= Samuel Farr (physician) =

English physician

Samuel Farr, M.D. (1741 – 11 March 1795) was an English physician.

==Life==

Farr was born at Taunton, Somerset, in 1741. His parents were Protestant Dissenters. His father, whose name is tentatively identified as Thomas Farr, was a merchant and alderman at Bristol; his family was involved in the Atlantic slave trade.

Farr was educated at Bristol Grammar School. A close friend of Thomas Percival, he attended Warrington Academy with him (class of 1758). He then studied at the University of Edinburgh, and finally at Leyden University with Percival, where he took the degree of MD (1765). He was a physician to the Bristol Infirmary from 1767 to 1780, and practised for some years in Bristol. He was elected a Fellow of the Royal Society in 1779 (although his election may have been subsequently voided for non-appearance).

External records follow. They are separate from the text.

(* Fix $c\in\{1,\dots,K-1\}$ and suppose $$\bar p_c(\bm x,\bar Y)=\binom{K-1}{c}^{-1}\sum_{y\notin \bar Y}p(\bm x,y)\qquad(\bm x\in\mathcal X,\ \bar Y\in\overline{\mathcal Y}_c).$$ For $\gamma\in[0,1]$ define $$R^u_c(\bm g)=\mathbb E_{\bar p_c(\bm x,\bar Y)}\Big[(1-\gamma)\mathcal L(\bm g(\bm x))-\frac{K-1}{c}\sum_{y\in\bar Y}\ell(\bm g(\bm x),y)\Big]+\gamma\,\mathbb E_{p(\bm x)}\big[\mathcal L(\bm g(\bm x))\big].$$ Then for any loss $\ell$ and decision function $\bm g$ (with finite expectations), $R^u_c(\bm g)=R(\bm g)$.
   Context: Let $K\ge 2$, $\mathcal X\subseteq\mathbb R^d$ the feature space and $\mathcal Y=\{1,\dots,K\}$ the label space. Let $p(\bm x,y)$ be a joint density on $\mathcal X\times\mathcal Y$ with marginal density $p(\bm x)$. For $c\in\{1,\dots,K-1\}$, $\overline{\mathcal Y}_c$ denotes the collection of all $c$-element subsets of $\{1,\dots,K\}$, and $\bar p_c(\bm x,\bar Y)$ is a density on $\mathcal X\times\overline{\mathcal Y}_c$. A decision function is a map $\bm g:\mathcal X\to\mathbb R^K$, a loss is a function $\ell:\mathbb R^K\times\mathcal Y\to[0,\infty)$, the classification risk is $R(\bm g)=\mathbb E_{p(\bm x,y)}[\ell(\bm g(\bm x),y)]$, and the cumulative loss is $\mathcal L(\bm g(\bm x))=\sum_{y=1}^K\ell(\bm g(\bm x),y)$. *)

From HB Require Import structures.
From mathcomp Require Import all_boot all_order all_algebra.
Set Implicit Arguments. Unset Strict Implicit. Unset Printing Implicit Defensive.
Import Order.TTheory GRing.Theory Num.Theory.
Local Open Scope ring_scope.

(* An abstract integral over the feature space X (standing in for the Lebesgue
   integral against dx on X ⊆ R^d): a linear functional on a class of
   "integrable" functions which is closed under linear combinations. *)
Definition linear_integral (X : Type) (R : realFieldType)
  (integrable : (X -> R) -> Prop) (I : (X -> R) -> R) : Prop :=
  [/\ (forall f h, integrable f -> integrable h ->
          integrable (fun x => f x + h x)),
      (forall (a : R) f, integrable f -> integrable (fun x => a * f x)),
      (forall f h, integrable f -> integrable h ->
          I (fun x => f x + h x) = I f + I h) &
      (forall (a : R) f, integrable f -> I (fun x => a * f x) = a * I f)].

(* Labels are 'I_K = {0,...,K-1} (standing for {1,...,K}). *)

Definition marginal (X : Type) (R : realFieldType) (K : nat)
  (p : X -> 'I_K -> R) (x : X) : R := \sum_(y < K) p x y.

Definition cum_loss (R : realFieldType) (K : nat)
  (ell : 'rV[R]_K -> 'I_K -> R) (v : 'rV[R]_K) : R := \sum_(y < K) ell v y.

Definition E_joint (X : Type) (R : realFieldType) (K : nat)
  (I : (X -> R) -> R) (p : X -> 'I_K -> R) (f : X -> 'I_K -> R) : R :=
  I (fun x => \sum_(y < K) p x y * f x y).

Definition E_marg (X : Type) (R : realFieldType) (K : nat)
  (I : (X -> R) -> R) (p : X -> 'I_K -> R) (h : X -> R) : R :=
  I (fun x => marginal p x * h x).

Definition E_comp (X : Type) (R : realFieldType) (K c : nat)
  (I : (X -> R) -> R) (pbar : X -> {set 'I_K} -> R)
  (f : X -> {set 'I_K} -> R) : R :=
  I (fun x => \sum_(Y : {set 'I_K} | #|Y| == c) pbar x Y * f x Y).

Definition risk (X : Type) (R : realFieldType) (K : nat)
  (I : (X -> R) -> R) (p : X -> 'I_K -> R)
  (ell : 'rV[R]_K -> 'I_K -> R) (g : X -> 'rV[R]_K) : R :=
  E_joint I p (fun x y => ell (g x) y).

Definition comp_term (X : Type) (R : realFieldType) (K c : nat) (gamma : R)
  (ell : 'rV[R]_K -> 'I_K -> R) (g : X -> 'rV[R]_K)
  (x : X) (Y : {set 'I_K}) : R :=
  (1 - gamma) * cum_loss ell (g x)
  - ((K.-1)%:R / c%:R) * \sum_(y in Y) ell (g x) y.

Definition unbiased_risk (X : Type) (R : realFieldType) (K c : nat)
  (I : (X -> R) -> R) (p : X -> 'I_K -> R) (pbar : X -> {set 'I_K} -> R)
  (gamma : R) (ell : 'rV[R]_K -> 'I_K -> R) (g : X -> 'rV[R]_K) : R :=
  E_comp c I pbar (comp_term c gamma ell g)
  + gamma * E_marg I p (fun x => cum_loss ell (g x)).

(* Everything happens pointwise in x.  If the true label is y and Y is a
   uniformly drawn c-subset avoiding y, every other label lies in Y with
   probability C(K-2, c-1) / C(K-1, c) = c / (K-1); hence the expectation of
   (K-1)/c * sum_(y' in Y) l(y') is L - l(y), where L is the cumulative loss.
   The integrand of the complementary part thus averages to l(y) - gamma L,
   and the gamma-weighted ordinary part restores l(y). *)

From HB Require Import structures.
From mathcomp Require Import all_boot all_order all_algebra zify ring.
From Stdlib Require Import FunctionalExtensionality.
Import Order.TTheory GRing.Theory Num.Theory.
Set Implicit Arguments.
Unset Strict Implicit.
Unset Printing Implicit Defensive.
Local Open Scope ring_scope.

Section CountingDraws.
Variable T : finType.

Lemma card_draws_notin (y : T) (c : nat) :
  #|[set Y : {set T} | #|Y| == c & y \notin Y]| = 'C(#|T|.-1, c).
Proof.
rewrite -(cardsC1 y) -cards_draws; apply: eq_card => Y.
by rewrite !inE subsetC sub1set !inE andbC.
Qed.

Lemma card_draws_notin_in (y y' : T) (c : nat) : y != y' -> (0 < c)%N ->
  #|[set Y : {set T} | #|Y| == c & (y \notin Y) && (y' \in Y)]|
    = 'C(#|T|.-2, c.-1).
Proof.
move=> neq_yy' c_gt0.
pose avoid (A : {set T}) := [set Y : {set T} | Y \subset ~: A & #|Y| == c].
have avoid_sub : avoid [set y; y'] \subset avoid [set y].
  apply/subsetP => Y; rewrite !inE => /andP[sYC ->]; rewrite andbT.
  by apply: subset_trans sYC _; rewrite setCS sub1set !inE eqxx.
have -> : [set Y : {set T} | #|Y| == c & (y \notin Y) && (y' \in Y)]
          = avoid [set y] :\: avoid [set y; y'].
  apply/setP => Y; rewrite !inE (subsetC Y [set y]) (subsetC Y [set y; y']).
  rewrite subUset !sub1set !inE.
  by case: (#|Y| == c); case: (y \in Y); case: (y' \in Y).
rewrite cardsD (setIidPr avoid_sub) !cards_draws cardsC1.
have := cardsC [set y; y']; rewrite cards2 neq_yy' => cardT.
have -> : #|~: [set y; y']| = #|T|.-2 by lia.
have : (2 <= #|T|)%N by lia.
clear avoid_sub avoid cardT.
case: #|T| => [|[|n]] // _; case: c c_gt0 => [|c] // _.
by rewrite /= binS addKn.
Qed.

End CountingDraws.

Section SumsOverDraws.
Variables (R : pzRingType) (T : finType).

Lemma sum_draws_sum_notin (P : T -> R) (c : nat) :
  \sum_(Y : {set T} | #|Y| == c) \sum_(y | y \notin Y) P y
    = (\sum_y P y) *+ 'C(#|T|.-1, c).
Proof.
rewrite (exchange_big_dep xpredT) //= -sumrMnl; apply: eq_bigr => y _.
rewrite sumr_const -(card_draws_notin y c); congr (_ *+ _).
by apply: eq_card => Y; rewrite !inE.
Qed.

Lemma sum_draws_mul_notin_in (P l : T -> R) (c : nat) : (0 < c)%N ->
  \sum_(Y : {set T} | #|Y| == c) (\sum_(y | y \notin Y) P y) * (\sum_(y in Y) l y)
    = ((\sum_y P y) * (\sum_y l y) - \sum_y P y * l y) *+ 'C(#|T|.-2, c.-1).
Proof.
move=> c_gt0.
under eq_bigr => Y _ do rewrite big_distrlr /=.
rewrite (exchange_big_dep xpredT) //= mulr_suml -sumrB -sumrMnl.
apply: eq_bigr => y _.
rewrite (exchange_big_dep xpredT) //= mulr_sumr (bigD1 y) //=.
rewrite [X in _ = (X - _) *+ _](bigD1 y) //= addrAC subrr add0r.
rewrite big1 ?add0r => [|Y]; last by case: (y \in Y); rewrite ?andbF.
rewrite -sumrMnl; apply: eq_bigr => y' neq_y'y.
have neq_yy' : y != y' by rewrite eq_sym.
rewrite sumr_const -(card_draws_notin_in neq_yy' c_gt0); congr (_ *+ _).
by apply: eq_card => Y; rewrite !inE andbA.
Qed.

End SumsOverDraws.

Lemma sum_draws_unbiased (R : numFieldType) (T : finType) (c : nat)
    (P l : T -> R) (pb : {set T} -> R) (gamma : R) :
  (0 < c)%N -> (c <= #|T|.-1)%N ->
  (forall Y : {set T}, #|Y| = c ->
     pb Y = ('C(#|T|.-1, c)%:R)^-1 * \sum_(y | y \notin Y) P y) ->
  \sum_(Y : {set T} | #|Y| == c)
     pb Y * ((1 - gamma) * (\sum_y l y) - ((#|T|.-1)%:R / c%:R) * \sum_(y in Y) l y)
  + gamma * ((\sum_y P y) * \sum_y l y) = \sum_y P y * l y.
Proof.
move=> c_gt0 c_le pb_def.
set a := (#|T|.-1)%:R / c%:R.
have bin_neq0 : ('C(#|T|.-1, c)%:R : R) != 0 by rewrite pnatr_eq0 -lt0n bin_gt0.
have c_neq0 : (c%:R : R) != 0 by rewrite pnatr_eq0 -lt0n.
have a_bin : a * 'C(#|T|.-2, c.-1)%:R = 'C(#|T|.-1, c)%:R.
  have := mul_bin_diag #|T|.-1 c.-1; rewrite prednK // => /(congr1 (GRing.natmul (1 : R))).
  by rewrite !natrM /a mulrAC => ->; rewrite mulrC mulKf.
rewrite (eq_bigr (fun Y : {set T} => ('C(#|T|.-1, c)%:R)^-1 *
  ((\sum_(y | y \notin Y) P y) * ((1 - gamma) * \sum_y l y)
   - a * ((\sum_(y | y \notin Y) P y) * \sum_(y in Y) l y)))); last first.
  by move=> Y /eqP/pb_def ->; ring.
rewrite -mulr_sumr sumrB -mulr_suml -mulr_sumr.
rewrite sum_draws_sum_notin sum_draws_mul_notin_in //.
rewrite -[(\sum_y P y) *+ _]mulr_natr -[(_ - _) *+ _]mulr_natr -a_bin.
rewrite -a_bin in bin_neq0.
field.
by move: bin_neq0; rewrite mulf_eq0 negb_or andbC.
Qed.

Theorem lemma2 (R : realFieldType) (X : Type) (K c : nat)
  (integrable : (X -> R) -> Prop) (I : (X -> R) -> R)
  (p : X -> 'I_K -> R) (pbar : X -> {set 'I_K} -> R)
  (gamma : R) (ell : 'rV[R]_K -> 'I_K -> R) (g : X -> 'rV[R]_K) :
  (2 <= K)%N -> (1 <= c)%N -> (c <= K.-1)%N ->
  linear_integral integrable I ->
  (forall x y, 0 <= p x y) ->
  integrable (marginal p) -> I (marginal p) = 1 ->
  (forall x (Y : {set 'I_K}), #|Y| = c ->
     pbar x Y = ('C(K.-1, c)%:R)^-1 * \sum_(y < K | y \notin Y) p x y) ->
  0 <= gamma <= 1 ->
  (forall v y, 0 <= ell v y) ->
  integrable (fun x => \sum_(y < K) p x y * ell (g x) y) ->
  integrable (fun x => \sum_(Y : {set 'I_K} | #|Y| == c)
                         pbar x Y * comp_term c gamma ell g x Y) ->
  integrable (fun x => marginal p x * cum_loss ell (g x)) ->
  unbiased_risk c I p pbar gamma ell g = risk I p ell g.
Proof.
move=> _ c_gt0 c_le [_ integrableZ integralD integralZ] _ _ _ pbar_def _ _ _ int_comp int_marg.
rewrite /unbiased_risk /E_comp /E_marg /risk /E_joint.
rewrite -integralZ // -integralD //; last exact: integrableZ.
congr (I _); apply: functional_extensionality => x.
have := sum_draws_unbiased (P := p x) (pb := pbar x) (ell (g x)) gamma c_gt0.
by rewrite card_ord => /(_ c_le (pbar_def x)).
Qed.
Theorem mainTheorem9 (c d a b s gb ga : R)
  (hc : 0 < c) (hd : 0 < d) (hcd : c * d <= 1)
  (ha : 0 < a) (hab : a <= b) (hs : 1 <= s)
  (Hgb : g_val c d (Rpower s b / (1 + Rpower s b)) gb)
  (Hga : g_val c d (Rpower s a / (1 + Rpower s a)) ga) :
  1 <= gb / ga <= b / a.
Proof.
  set (u := ln s).
  assert (Hu : 0 <= u) by (unfold u; rewrite <- ln_1; apply ln_le; lra).
  change (Rpower s b / (1 + Rpower s b)) with (logistic (b * u)) in Hgb.
  change (Rpower s a / (1 + Rpower s a)) with (logistic (a * u)) in Hga.
  assert (Hxa := logistic_bounds (a * u) ltac:(nra)).
  assert (Hxb := logistic_bounds (b * u) ltac:(nra)).
  assert (Hxab : logistic (a * u) <= logistic (b * u)) by (apply logistic_le; nra).
  assert (Hmono : 1 * ga <= 1 * gb).
  { apply (g_val_le c d) with (2 := Hga) (3 := Hgb). intros M.
    rewrite !Rmult_1_l. apply g_partial_mono; lra. }
  assert (Hratio : a * gb <= b * ga).
  { apply (g_val_le c d) with (2 := Hgb) (3 := Hga). intros M.
    apply g_partial_ratio; [assumption.. |].
    intros N. apply log_partial_logistic_scaled; lra. }
  assert (Hga_pos : 0 < ga).
  { assert (Hge := g_val_ge c d hc hd (logistic (a * u)) ga ltac:(lra) Hga). lra. }
  split.
  - apply (Rmult_le_reg_r ga); [lra|].
    unfold Rdiv. rewrite Rmult_assoc, Rinv_l; lra.
  - apply (Rmult_le_reg_r (ga * a)); [nra|].
    replace (gb / ga * (ga * a)) with (a * gb) by (field; lra).
    replace (b / a * (ga * a)) with (b * ga) by (field; lra).
    exact Hratio.
Qed.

Returning to Taunton, Farr acquired an extensive practice there. He died at Upcott, near Taunton, in the house of John Fisher, on 11 March 1795.

==Works==

Farr's published works are:

- An Essay on the Medical Virtues of Acids, 1769.
- A Philosophical Inquiry into the Nature, Origin, and Extent of Animal Motion, deduced from the principles of reason and analogy, 1771.
- Aphorismi de Marasmo ex summis Medicis collecti, 1772.
- Inquiry into the Propriety of Blood-letting in Consumption, 1775; against the practice.
- The History of Epidemics, by Hippocrates, in seven books; translated into English from the Greek, with Notes and Observations.
- A Preliminary Discourse on the Nature and Cure of Infection, London, 1781.
- Elements of Medical Jurisprudence, 1788; 2nd edit. 1811; a translation from the work of Johann Friedrich Faselius, with additions by the translator.
- On the Use of Cantharides in Dropsical Complaints (Memoirs Med. ii. 132, 1789).